Proxmox est un hyperviseur de type 1, pouvant être utilisé en mode bare-metal donc directement installable sur une infrastructure matérielle et capable de la piloter. A contrario, les systèmes de virtualisation orientés utilisateurs comme VirtualBox ou VMWare Player/Workstation, requièrent pour leur part un système d'exploitation sur lequel s'appuyer pour fournir des solutions de virtualisation, certes fonctionnelles, mais moins efficaces car devant être traduite par l'OS qui les supporte.
Proxmox est basé sur un noyau Debian embarquant les systèmes Qemu pour la virtualisation, ainsi que KVM, la gestion des containers, une interface de gestion, la possibilité de réaliser des sauvegardes directement depuis cet environnement, ainsi que beaucoup d'autres choses telles que les clusters et le passthrough pour améliorer la gestion des accès disques et la sécurité des données et des accès.
Proxmox est un système extrêmement complet, mis à disposition sous forme de kit d'installation communautaire, donc sans support autre que l'Internet. Il existe évidement une autre solution d'usage, faisant appel à un mode de licence et de support payant, garants de réactivité importante dans les résolutions de problèmes et le suivi des évolutions de version.

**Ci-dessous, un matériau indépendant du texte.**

(* Let $k$ be a field of characteristic $p>0$, $P$ a finite poset, $R=\mathcal{R}_k[J(P)]$ the Hibi ring and $\mathfrak{m}=R_+$. Then \[ \limsup_{e\to\infty}\frac{\nu(p^e)}{p^e}\ \le\ \operatorname{rank}^*P+2, \] where $\nu(p^e)=\max\{r\in\mathbb{N}\mid\mathfrak{m}^r\not\subseteq\mathfrak{m}^{[p^e]}\}$.
   Context: Let $P=\{p_1,\dots,p_N\}$ be a finite poset and $J(P)$ the set of poset ideals of $P$ (down-closed subsets, including $\emptyset$ and $P$). The Hibi ring is $\mathcal{R}_k[J(P)]=k[\,T\prod_{p_i\in I}X_i\mid I\in J(P)\,]\subseteq k[T,X_1,\dots,X_N]$, each generator in degree $1$; $\mathfrak{m}=R_+$ is generated by these generators; $\mathfrak{m}^{[q]}=(x^q\mid x\in\mathfrak{m})$. $x\lessdot y$ means $x<y$ with no $z$ satisfying $x<z<y$. A path is a sequence $C=(q_1,\dots,q_t)$ of distinct elements of $P$ with $q_1$ minimal in $P$, consecutive elements related by $q_i\lessdot q_{i+1}$ or $q_{i+1}\lessdot q_i$, and $q_{t-1}\lessdot q_t$ (when $t\ge2$); it is maximal if $q_t$ is maximal in $P$. For $1<i<t$, $q_i$ is locally maximal if $q_{i-1}\lessdot q_i$ and $q_{i+1}\lessdot q_i$, locally minimal if $q_i\lessdot q_{i-1}$ and $q_i\lessdot q_{i+1}$; $q_1$ counts as locally minimal and $q_t$ as locally maximal. The decomposition $C=A_1+D_1+\cdots+D_{n-1}+A_n$ splits $C$ into consecutive blocks: $A_1$ is $q_1$ through the first locally maximal element, $D_1$ the following elements through the next locally minimal element, $A_2$ the following elements through the next locally maximal element, etc., $A_n$ ending at $q_t$; $t(A_i)$ is the last element of $A_i$, $V(\cdot)$ the set of elements of a block, $\langle A\rangle=\{q\in P\mid q\le t(A)\}$, and $\langle A_i\setminus t(A_i)\rangle$ the poset ideal generated by the elements of $A_i$ other than $t(A_i)$. $C$ satisfies ( * ) if for all $1\le i\le n-1$: (1) $V(D_i)\cap(\bigcup_{m=1}^{i-1}\langle A_m\rangle\cup\langle A_i\setminus t(A_i)\rangle\cup\{t(A_i)\})=\emptyset$; (2) $V(A_{i+1})\cap\bigcup_{m=1}^{i}\langle A_m\rangle=\emptyset$. $\operatorname{len}^*C=\#\{i\mid q_i\lessdot q_{i+1}\}$, and $\operatorname{rank}^*P$ is the maximum of $\operatorname{len}^*C$ over maximal paths $C$ satisfying ( * ). *)

From HB Require Import structures.
From mathcomp Require Import all_boot all_order all_algebra.
From mathcomp Require Import mpoly.

Set Implicit Arguments.
Unset Strict Implicit.
Unset Printing Implicit Defensive.

Import Order.TTheory GRing.Theory.

(* A path C = (q_1,...,q_t) is a seq P; indices are 0-based internally.      *)
Section Paths.
Variables (d : Order.disp_t) (P : finPOrderType d).
Local Open Scope order_scope.

Definition cov (x y : P) : bool :=
  (x < y) && [forall z, ~~ ((x < z) && (z < y))].
Definition minimalP (x : P) : bool := [forall y, ~~ (y < x)].
Definition maximalP (x : P) : bool := [forall y, ~~ (x < y)].

Variable x0 : P.

Definition qq (c : seq P) (i : nat) : P := nth x0 c i.
(* Let $f\in\mathcal{F}_k$. Then the Lovász hinge $L^f$ embeds the loss $\ell_{\text{abs}}^f:\mathcal{V}\times\mathcal{Y}\to\mathbb{R}_+$ given by $\ell_{\text{abs}}^f(v,y)=f(\{i: v_iy_i<0\})+f(\{i:v_iy_i\le 0\})$; moreover $\ell_{\text{abs}}^f$ coincides with the restriction of $L^f$ to $\mathcal{V}\times\mathcal{Y}$.
   Context: $[k]=\{1,\dots,k\}$, $\mathcal{Y}=\{-1,1\}^k$, $\mathcal{V}=\{-1,0,1\}^k$, $\Delta_\mathcal{Y}$ the probability distributions on $\mathcal{Y}$. $u\odot u'$ is the entrywise product, $\mathbbm{1}$ the all-ones vector, $(x)_+$ the entrywise positive part. $\mathcal{F}_k$ is the class of set functions $f:2^{[k]}\to\mathbb{R}$ that are submodular ($f(S)+f(T)\ge f(S\cup T)+f(S\cap T)$), increasing ($f(S\cup T)\ge f(S)$ for disjoint $S,T$) and normalized ($f(\emptyset)=0$). The Lovász extension is $F(x)=\max_{\pi}\sum_{i=1}^k x_{\pi_i}(f(\{\pi_1,\dots,\pi_i\})-f(\{\pi_1,\dots,\pi_{i-1}\}))$ for $x\in\mathbb{R}^k_+$ (max over permutations of $[k]$), and the Lovász hinge is $L^f(u,y)=F((\mathbbm{1}-u\odot y)_+)$ for $u\in\mathbb{R}^k,y\in\mathcal{Y}$. For a loss $\ell$ and $p\in\Delta_\mathcal{Y}$, $\ell(r;p)=\sum_y p_y\ell(r,y)$. A set $\mathcal{S}\subseteq\mathcal{R}$ is representative for a loss $\ell:\mathcal{R}\times\mathcal{Y}\to\mathbb{R}_+$ if $\arg\min_{r\in\mathcal{R}}\ell(r;p)\cap\mathcal{S}\neq\emptyset$ for all $p$. A loss $L:\mathbb{R}^d\times\mathcal{Y}\to\mathbb{R}_+$ embeds $\ell:\mathcal{R}\times\mathcal{Y}\to\mathbb{R}_+$ if there are a representative set $\mathcal{S}$ for $\ell$ and an injective $\varphi:\mathcal{S}\to\mathbb{R}^d$ such that (i) $L(\varphi(r),y)=\ell(r,y)$ for all $r\in\mathcal{S},y\in\mathcal{Y}$, and (ii) for all $p\in\Delta_\mathcal{Y}$ and $r\in\mathcal{S}$: $r\in\arg\min_{r'\in\mathcal{R}}\ell(r';p)\iff\varphi(r)\in\arg\min_{u\in\mathbb{R}^d}L(u;p)$. *)

From HB Require Import structures.
From mathcomp Require Import all_boot all_order all_algebra.
From mathcomp Require Import fingroup perm.
From mathcomp Require Import reals.
Set Implicit Arguments. Unset Strict Implicit. Unset Printing Implicit Defensive.
Import Order.TTheory GRing.Theory Num.Theory.
Local Open Scope ring_scope.

Section Defs.
Variable R : realType.

(* Labels: Y = {-1,1}^k, encoded as boolean vectors; true ↦ 1, false ↦ -1. *)
Definition Ylab (k : nat) := {ffun 'I_k -> bool}.
Definition yv (k : nat) (y : Ylab k) (i : 'I_k) : R := if y i then 1 else -1.

Definition Vrep (k : nat) :=
  {v : 'I_k -> R | forall i, v i = -1 \/ v i = 0 \/ v i = 1}.

Definition submodular (k : nat) (f : {set 'I_k} -> R) :=
  forall S T : {set 'I_k}, f (S :|: T) + f (S :&: T) <= f S + f T.
Definition increasing_sf (k : nat) (f : {set 'I_k} -> R) :=
  forall S T : {set 'I_k}, [disjoint S & T] -> f S <= f (S :|: T).
Definition normalized_sf (k : nat) (f : {set 'I_k} -> R) := f set0 = 0.
Definition in_Fk (k : nat) (f : {set 'I_k} -> R) :=
  [/\ submodular f, increasing_sf f & normalized_sf f].

Definition lovasz_term (k : nat) (f : {set 'I_k} -> R) (x : 'I_k -> R)
    (pi : {perm 'I_k}) : R :=
  \sum_(i : 'I_k)
     x (pi i) * (f [set pi j | j : 'I_k & (j <= i)%N]
                 - f [set pi j | j : 'I_k & (j < i)%N]).
Definition lovasz_ext (k : nat) (f : {set 'I_k} -> R) (x : 'I_k -> R) : R :=
  \big[Num.max/lovasz_term f x 1%g]_(pi : {perm 'I_k}) lovasz_term f x pi.

Definition lovasz_hinge (k : nat) (f : {set 'I_k} -> R) (u : 'I_k -> R)
    (y : Ylab k) : R :=
  lovasz_ext f (fun i => Num.max 0 (1 - u i * yv y i)).

Definition ell_abs (k : nat) (f : {set 'I_k} -> R) (v : Vrep k) (y : Ylab k) : R :=
  f [set i | sval v i * yv y i < 0] + f [set i | sval v i * yv y i <= 0].

Definition is_distr (k : nat) (p : Ylab k -> R) :=
  (forall y, 0 <= p y) /\ \sum_(y : Ylab k) p y = 1.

Pour nos besoins généraux, la solution communautaire est largement suffisante et nous permet de réaliser absolument tout ce dont nous avons besoin, voire même plus encore.
Documentation officielle : https://pve.proxmox.com/wiki
Les drivers VirtIO sont dédiés à KVM et permettent aux machines virtuelles hébergées par Proxmox de pouvoir utiliser directement des périphériques, sans passer par des versions émulées des pilotes de périphériques. Les drivers sont spécifiquement conçus pour les environnements Windows.
Pour rappel, lorsque vous mettez en place des machines virtuelles avec les environnements Windows, choisissez des périphériques VirtIO plutôt que les versions émulées. Cela sera meilleur pour la planète (ah bon ?)... En tous les cas cela permettra d'obtenir de meilleures performances à l'usage.
Télécharger les versions stables ici : https://pve.proxmox.com/wiki/Windows_VirtIO_Drivers
Et en fin de mise en place de Windows, n'oubliez-pas d'installer les Qemu-Guest (virtio-win-guest-tools), disponibles sur l'ISO que vous avez téléchargé précédemment pour pouvoir interagir avec la VM depuis Proxmox et de récupérer, notamment, l'IP privée que vous pourrez consulter dans le Résumé de la VM.
Une fois que Proxmox est installé, il est relativement simple de créer un cluster hyper convergé avec cet hyperviseur. Pour la suite des opérations, nous appellerons noeud tout serveur physique composant le cluster. Il est fortement recommandé à ce niveau de disposer de plusieurs cartes réseau afin de séparer les flux entre le cluster, le stockage, les autres VMs, ... Généralement au moins 3 ports réseau sont donc utilisés, et plus si possible.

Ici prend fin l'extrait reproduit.